Before you leave home, find two sheets of iron, either square or round, flat or corrugated, one slightly bigger than the other. At camp, dig a hole about 50 to 60cm deep and just big enough to accept the smaller sheet of iron. During the evening, do the necessary preparation of your stew – cutting up, peeling, dicing, etc (leave the peeling of the potatoes until morning, and then immerse them in water or they’ll turn black).

Before you go out in the morning, build up a substantial fire of hardwood like kameeldoring or leadwood, and when you have a good heap of glowing coals, scrape some aside and get your stew going (braise the onions, meat, etc add the tomatoes and other ingredients to the pot, and bring it to the boil for a while). Then shovel a bed of glowing coals into the hole and spread them evenly. Now place the smaller sheet of iron over the coals and stand your driepoot cast-iron pot containing your stew (with plenty of liquid in it – beer, water, whatever, and with its lid on) on the iron. Place the larger sheet of iron over the top of the hole, heap glowing coals onto the upper iron, spread them, then heap a good layer of sand on top of the coals (completely cover them).

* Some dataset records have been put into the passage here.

(* For all integers $n\ge 4$, $m\ge 2$ and $k\in\{2,\ldots,n-2\}$, $$\chi_{\mu_k}(P_n\boxtimes K_m)=\begin{cases}2\lfloor\frac{n}{k+2}\rfloor & \text{if } n\equiv 0 \pmod{k+2},\\ 2\lfloor\frac{n}{k+2}\rfloor+1 & \text{if } n\equiv 1,2 \pmod{k+2},\\ 2\lfloor\frac{n}{k+2}\rfloor+2 & \text{otherwise.}\end{cases}$$
   Context: $P_n$ is the path on $n$ vertices and $K_m$ the complete graph. The strong product $G\boxtimes H$ has vertex set $V(G)\times V(H)$, with distinct $(g,h),(g',h')$ adjacent iff ($g=g'$ or $gg'\in E(G)$) and ($h=h'$ or $hh'\in E(H)$). For a positive integer $k$, a set $M\subseteq V(X)$ is a $k$-distance mutual-visibility set if for every two vertices $u,v\in M$ there exists a shortest $u,v$-path of length at most $k$ none of whose internal vertices lies in $M$. $\chi_{\mu_k}(X)$ is the minimum cardinality of a partition of $V(X)$ into $k$-distance mutual-visibility sets. *)

From mathcomp Require Import all_boot.
Set Implicit Arguments. Unset Strict Implicit. Unset Printing Implicit Defensive.

Definition path_adj (n : nat) : rel 'I_n :=
  fun i j => (i.+1 == j :> nat) || (j.+1 == i :> nat).

Definition complete_adj (m : nat) : rel 'I_m := fun i j => i != j.

Definition strong_adj (T1 T2 : finType) (e1 : rel T1) (e2 : rel T2)
  : rel (T1 * T2) :=
  fun x y => [&& x != y, (x.1 == y.1) || e1 x.1 y.1 & (x.2 == y.2) || e2 x.2 y.2].

(* A u,v-walk is a sequence p with path e u p and last u p = v; its length is
   size p.  A shortest u,v-path is a u,v-walk of minimal length. *)
Definition is_walk (T : finType) (e : rel T) (u v : T) (p : seq T) : Prop :=
  path e u p /\ last u p = v.

Definition is_shortest_path (T : finType) (e : rel T) (u v : T) (p : seq T) : Prop :=
  is_walk e u v p /\ (forall q, is_walk e u v q -> size p <= size q).

Definition internal (T : Type) (p : seq T) : seq T := take (size p).-1 p.

Definition kdist_mv_set (T : finType) (e : rel T) (k : nat) (M : {set T}) : Prop :=
  forall u v, u \in M -> v \in M -> u != v ->
    exists p, [/\ is_shortest_path e u v p, size p <= k &
                  all (fun x => x \notin M) (internal p)].

Definition kdist_mv_partition (T : finType) (e : rel T) (k : nat)
  (P : {set {set T}}) : Prop :=
  partition P [set: T] /\ forall B, B \in P -> kdist_mv_set e k B.

Definition is_chi_mu (T : finType) (e : rel T) (k c : nat) : Prop :=
  (exists P, kdist_mv_partition e k P /\ #|P| = c) /\
  (forall P, kdist_mv_partition e k P -> c <= #|P|).

Definition PK_adj (n m : nat) : rel ('I_n * 'I_m) :=
  strong_adj (@path_adj n) (@complete_adj m).

Definition chi_formula (n k : nat) : nat :=
  let q := n %/ (k + 2) in
  let r := n %% (k + 2) in
  if r == 0 then 2 * q
  else if (r == 1) || (r == 2) then 2 * q + 1
  else 2 * q + 2.

(* In P_n ⊠ K_m a shortest path between rows i < j visits each row strictly
   between them exactly once, so a set M is a k-distance mutual-visibility set
   iff any two of its vertices lie at most k rows apart and no row strictly
   between two of its vertices is contained in M.  Hence the row spans of the
   blocks of such a partition are intervals of length at most k covering all n
   rows, and each row inside a span meets a second block.  Following the block
   that meets the last row, either the last two rows can be removed at the cost
   of one block, or two blocks lie in the last k + 2 rows and these rows can be
   removed at the cost of two blocks; induction gives the lower bound.  For the
   upper bound the rows are cut into stripes of k + 2 consecutive rows, and each
   stripe is split into at most two classes. *)

From mathcomp Require Import all_boot order zify.

Set Implicit Arguments.
Unset Strict Implicit.
Unset Printing Implicit Defensive.

Import Order.TTheory.

Lemma chi_formulaE q r k : r < k + 2 ->
  chi_formula (q * (k + 2) + r) k = 2 * q + (0 < r) + (2 < r).
Proof.
move=> ltrk; rewrite /chi_formula divnMDl ?modnMDl ?divn_small ?modn_small //; last lia.
by case: r ltrk => [|[|[|r]]] /=; lia.
Qed.

Lemma chi_formula_subk2 n k : chi_formula n k <= chi_formula (n - (k + 2)) k + 2.
Proof.
have ltrk : n %% (k + 2) < k + 2 by rewrite ltn_mod addn2.
rewrite (divn_eq n (k + 2)); case: (n %/ (k + 2)) => [|q].
  have -> : 0 * (k + 2) + n %% (k + 2) - (k + 2) = 0 * (k + 2) + 0 by lia.
  by rewrite !chi_formulaE //; lia.
have -> : q.+1 * (k + 2) + n %% (k + 2) - (k + 2) = q * (k + 2) + n %% (k + 2).
  by rewrite mulSn; lia.
by rewrite !chi_formulaE //; lia.
Qed.

Lemma chi_formula_sub2 n k : 2 <= k -> chi_formula n k <= chi_formula (n - 2) k + 1.
Proof.
move=> k2; have ltrk : n %% (k + 2) < k + 2 by rewrite ltn_mod addn2.
rewrite (divn_eq n (k + 2)); move: (n %/ (k + 2)) (n %% (k + 2)) ltrk => q r ltrk.
have [le2r | ltr2] := leqP 2 r.
  have -> : q * (k + 2) + r - 2 = q * (k + 2) + (r - 2) by lia.
  by rewrite !chi_formulaE //; lia.
case: q => [|q].
  have -> : 0 * (k + 2) + r - 2 = 0 * (k + 2) + 0 by lia.
  by rewrite !chi_formulaE //; lia.
have -> : q.+1 * (k + 2) + r - 2 = q * (k + 2) + (k + r) by rewrite mulSn; lia.
by rewrite !chi_formulaE //; lia.
Qed.

Section IntervalCover.
Variables (T : finType) (lo hi : T -> nat) (k : nat).

Definition interval_cover (n : nat) (A : {set T}) : Prop :=
  [/\ forall j, j < n -> exists2 i, i \in A & lo i <= j <= hi i,
      forall i, i \in A -> hi i <= lo i + k &
      forall i j, i \in A -> lo i < j < hi i -> j.+1 < n ->
        exists2 i', i' \in A :\ i & lo i' <= j <= hi i'].

Lemma interval_cover_restrict n n0 A : n0 <= n -> interval_cover n A ->
  interval_cover n0 (A :&: [set i | lo i < n0]).
Proof.
move=> len0 [cov short inner]; split.
- move=> j ltjn0; have [|i iA /andP[loj jhi]] := cov j; first lia.
  by exists i; rewrite ?inE ?iA ?loj ?jhi //=; lia.
- by move=> i /setIP[/short].
- move=> i j /setIP[iA _] loji ltjn0.
  have [|i' /setD1P[ne i'A] /andP[loj jhi]] := inner i j iA loji; first lia.
  by exists i'; rewrite ?inE ?ne ?i'A ?loj ?jhi //=; lia.
Qed.

Hypothesis k2 : 2 <= k.

Lemma chi_formula_le_interval_cover n A :
  interval_cover n A -> chi_formula n k <= #|A|.
Proof.
elim/ltn_ind: n A => n IH A cover.
have split_at n0 : n0 < n -> chi_formula n0 k + #|A :\: [set i | lo i < n0]| <= #|A|.
  move=> ltn0n; rewrite -(cardsID [set i | lo i < n0] A) leq_add2r.
  exact: IH n0 ltn0n _ (interval_cover_restrict (ltnW ltn0n) cover).
case: n IH cover split_at => [|n] _ [cov short inner] split_at.
  by rewrite /chi_formula div0n mod0n.
have [I IA /andP[loI hiI]] := cov n (ltnSn n).
have [le_n2_loI | lt_loI_n2] := leqP n.-1 (lo I).
  have I_late : I \in A :\: [set i | lo i < n.+1 - 2] by rewrite !inE IA -leqNgt; lia.
  have one_late : 0 < #|A :\: [set i | lo i < n.+1 - 2]| by apply/card_gt0P; exists I.
  have := split_at (n.+1 - 2) (leq_subr _ _).
  have := @chi_formula_sub2 n.+1 k k2; lia.
have [J /setD1P[neJI JA] /andP[loJ hiJ]] :
    exists2 J, J \in A :\ I & lo J <= n.-1 <= hi J.
  by apply: inner IA _ _; lia.
have two_late : 2 <= #|A :\: [set i | lo i < n.+1 - (k + 2)]|.
  apply: leq_trans (subset_leq_card (_ : [set I; J] \subset _)).
    by rewrite cards2 eq_sym neJI.
  apply/subsetP => i.
  have := short I IA; have := short J JA.
  by rewrite !inE => ? ? /orP[]/eqP->; rewrite ?IA ?JA -leqNgt; lia.
have lt_n0 : n.+1 - (k + 2) < n.+1 by lia.
have := split_at _ lt_n0; have := chi_formula_subk2 n.+1 k; lia.
Qed.
End IntervalCover.

(* A stripe of [w] rows, [s] being the row inside the stripe and [a] the
   column: if [w <= 2] the whole stripe is one class; otherwise class [false]
   is the first row together with column 0 of the inner rows, and class [true]
   is the last row together with the other columns of the inner rows. *)
Definition stripe_bit (w s a : nat) : bool :=
  [&& 2 < w, 0 < s & (s == w.-1) || (a != 0)].

Lemma stripe_bit_visible k w s1 s2 a1 a2 : 0 < k -> w <= k + 2 -> s1 < s2 < w ->
  stripe_bit w s1 a1 = stripe_bit w s2 a2 ->
  s2 <= s1 + k /\ forall s, s1 < s < s2 ->
    exists2 a, a < 2 & stripe_bit w s a != stripe_bit w s1 a1.
Proof.
rewrite /stripe_bit => k_gt0 wk /andP[s12 s2w].
case: (leqP w 2) => [w2 _ | w3 /=]; first by split=> [|s]; lia.
case: (boolP [&& 0 < s1 & _]) => b1 /esym b2; split; try lia.
- by move=> s ss; exists 0 => //=; lia.
- by move=> s ss; exists 1 => //=; lia.
Qed.

Definition stripe_color (n k i a : nat) : nat :=
  let t := i %/ (k + 2) in
  2 * t + stripe_bit (minn (k + 2) (n - t * (k + 2))) (i %% (k + 2)) a.

Lemma stripe_colorE n k t s a : s < k + 2 ->
  stripe_color n k (t * (k + 2) + s) a =
  2 * t + stripe_bit (minn (k + 2) (n - t * (k + 2))) s a.
Proof.
by move=> ltsk; rewrite /stripe_color divnMDl ?modnMDl ?divn_small ?modn_small ?addn0 // addn2.
Qed.

Lemma stripe_color_lt n k i a : i < n -> stripe_color n k i a < chi_formula n k.
Proof.
have ltd x : x %% (k + 2) < k + 2 by rewrite ltn_mod addn2.
have En := divn_eq n (k + 2); rewrite (divn_eq i (k + 2)) => ltin.
rewrite stripe_colorE // {2}En chi_formulaE //.
move: (i %/ _) (i %% _) (n %/ _) (n %% _) (ltd i) (ltd n) En ltin.
move=> t s q r ltsd ltrd En ltin.
have [lt_tq | lt_qt | eq_tq] := ltngtP t q.
- have : t.+1 * (k + 2) <= q * (k + 2) by rewrite leq_mul2r lt_tq orbT.
  by rewrite mulSn; case: (stripe_bit _ _ _); lia.
- have : q.+1 * (k + 2) <= t * (k + 2) by rewrite leq_mul2r lt_qt orbT.
  by rewrite mulSn; lia.
- by subst t; rewrite /stripe_bit; lia.
Qed.

Lemma stripe_color_visible n k i j a b : 0 < k -> i < j < n ->
  stripe_color n k i a = stripe_color n k j b ->
  j <= i + k /\ forall x, i < x < j ->
    exists2 c, c < 2 & stripe_color n k x c != stripe_color n k i a.
Proof.
move=> k_gt0 /andP[lt_ij lt_jn].
have ltd x : x %% (k + 2) < k + 2 by rewrite ltn_mod addn2.
have colorE x c : stripe_color n k x c = 2 * (x %/ (k + 2)) +
    stripe_bit (minn (k + 2) (n - x %/ (k + 2) * (k + 2))) (x %% (k + 2)) c.
  by rewrite {1}(divn_eq x (k + 2)) stripe_colorE.
rewrite !colorE => same_color.
have tj : j %/ (k + 2) = i %/ (k + 2).
  by move: same_color; do 2 case: (stripe_bit _ _ _); lia.
have tx x : i <= x <= j -> x %/ (k + 2) = i %/ (k + 2).
  case/andP=> ix xj.
  by have := leq_div2r (k + 2) ix; have := leq_div2r (k + 2) xj; lia.
have Ediv x : i <= x <= j -> x = i %/ (k + 2) * (k + 2) + x %% (k + 2).
  by move=> /tx <-; apply: divn_eq.
have Ei : i = i %/ (k + 2) * (k + 2) + i %% (k + 2) by apply: divn_eq.
have Ej : j = i %/ (k + 2) * (k + 2) + j %% (k + 2) by rewrite -tj; apply: divn_eq.
rewrite tj in same_color.
set t := i %/ (k + 2) in tx Ediv Ei Ej same_color *.
set w := minn (k + 2) (n - t * (k + 2)) in same_color *.
have lt_s : i %% (k + 2) < j %% (k + 2) < w by have := ltd j; rewrite /w; lia.
have eq_bit : stripe_bit w (i %% (k + 2)) a = stripe_bit w (j %% (k + 2)) b.
  by move: same_color; do 2 case: (stripe_bit _ _ _); lia.
have [near gaps] := stripe_bit_visible k_gt0 (geq_minl _ _) lt_s eq_bit.
split=> [|x /andP[ix xj]]; first lia.
have ijx : i <= x <= j by rewrite (ltnW ix) (ltnW xj).
have [|c c2 neq] := gaps (x %% (k + 2)); first by have := Ediv x ijx; lia.
exists c => //; rewrite colorE tx // eqn_add2l.
by move: neq; do 2 case: (stripe_bit _ _ _).
Qed.

Lemma internal_rcons (T : Type) (s : seq T) x : internal (rcons s x) = s.
Proof. by rewrite /internal size_rcons -cats1 take_size_cat. Qed.

Lemma internal_rev_belast (T : Type) (u : T) p :
  internal (rev (belast u p)) = rev (internal p).
Proof.
by case/lastP: p => [|p y] //; rewrite belast_rcons rev_cons !internal_rcons.
Qed.

Section Walks.
Variables (T : finType) (e : rel T).

Section Height.
Variable h : T -> nat.
Hypothesis h_step : forall x y, e x y -> h y <= (h x).+1.

Lemma path_height_le x p : path e x p -> h (last x p) <= h x + size p.
Proof.
elim: p x => [|y p IH] x /=; first by rewrite addn0.
by case/andP=> /h_step exy /IH; rewrite addnS; lia.
Qed.

Lemma path_height_ivt x p j : path e x p -> h x < j < h (last x p) ->
  exists2 y, y \in internal p & h y = j.
Proof.
elim: p x => [|y p IH] x /=; first lia.
case/andP=> /h_step exy yp xjy.
case: p IH yp xjy => [|z p] IH yp /= xjy; first lia.
have [hyj | hyj] := eqVneq (h y) j.
  by exists y; rewrite /internal /= ?inE ?eqxx.
have [|y' y'p <-] := IH y yp; first by rewrite /=; lia.
by exists y'; rewrite // /internal /= inE y'p orbT.
Qed.

End Height.

Hypothesis e_sym : symmetric e.

Lemma walk_rev u v p : is_walk e u v p -> is_walk e v u (rev (belast u p)).
Proof.
case=> pw <-; split; first by rewrite rev_path (eq_path (fun x y => e_sym y x)).
by case: p pw => [|y p] //= _; rewrite rev_cons last_rcons.
Qed.

Lemma shortest_path_rev u v p :
  is_shortest_path e u v p -> is_shortest_path e v u (rev (belast u p)).
Proof.
case=> pw pmin; split; first exact: walk_rev.
by move=> q /walk_rev/pmin; rewrite !size_rev !size_belast.
Qed.

(* [kdist_mv_set e k M] unfolds to: [visible_in k M u v] for all distinct [u], [v] in [M]. *)
Definition visible_in (k : nat) (M : {set T}) (u v : T) : Prop :=
  exists p, [/\ is_shortest_path e u v p, size p <= k &
                all (fun x => x \notin M) (internal p)].

Lemma visible_in_sym k M u v : visible_in k M u v -> visible_in k M v u.
Proof.
case=> p [sp pk pM]; exists (rev (belast u p)); split.
- exact: shortest_path_rev.
- by rewrite size_rev size_belast.
- by rewrite internal_rev_belast all_rev.
Qed.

Now kill the main fire and go hunting. The coals in the gatoond and under the sand will stay hot enough to slow-cook the stew all day at a temperature high enough to prevent botulism. Ensure that it simmers for another half hour or so before serving. For a really good stew recipe, refer to “The Secret of Venison Stew” (Magnum Sept ’03 edition).

Finally, springbuck can be successfully braaied. My pièce de résistance is a whole springbuck shoulder braaied slowly over low hardwood coals. You have probably heard it said that venison just cannot be braaied, as it is too dry. For the most part that is true, but there are notable exceptions (eland T-bones are one) and springbuck shoulder is the most notable. Don’t salt it; spice it if you wish, or just lay it on the rooster as is –whole, do not cut it up. Do it slowly, but don’t overdo it. It will be just as juicy and succulent – and very tasty – as anything you could wish for.

You can also braai springbuck chops, but you have to be willing to butcher the carcass in camp and cut the spine up into chops (which is very hard work with a hand-saw). Don’t split the spine up the centre – just saw it into ‘butterfly’ chops (each chop has two ‘wings’ with two ribs). Spice these to taste (don’t salt them until cooked) then cover them with a layer of cooking oil and soak for two or three hours. Then briefly braai them (don’t dry them out). It makes for a very smoky braai, but it’s worth the trouble if you are out of other meat.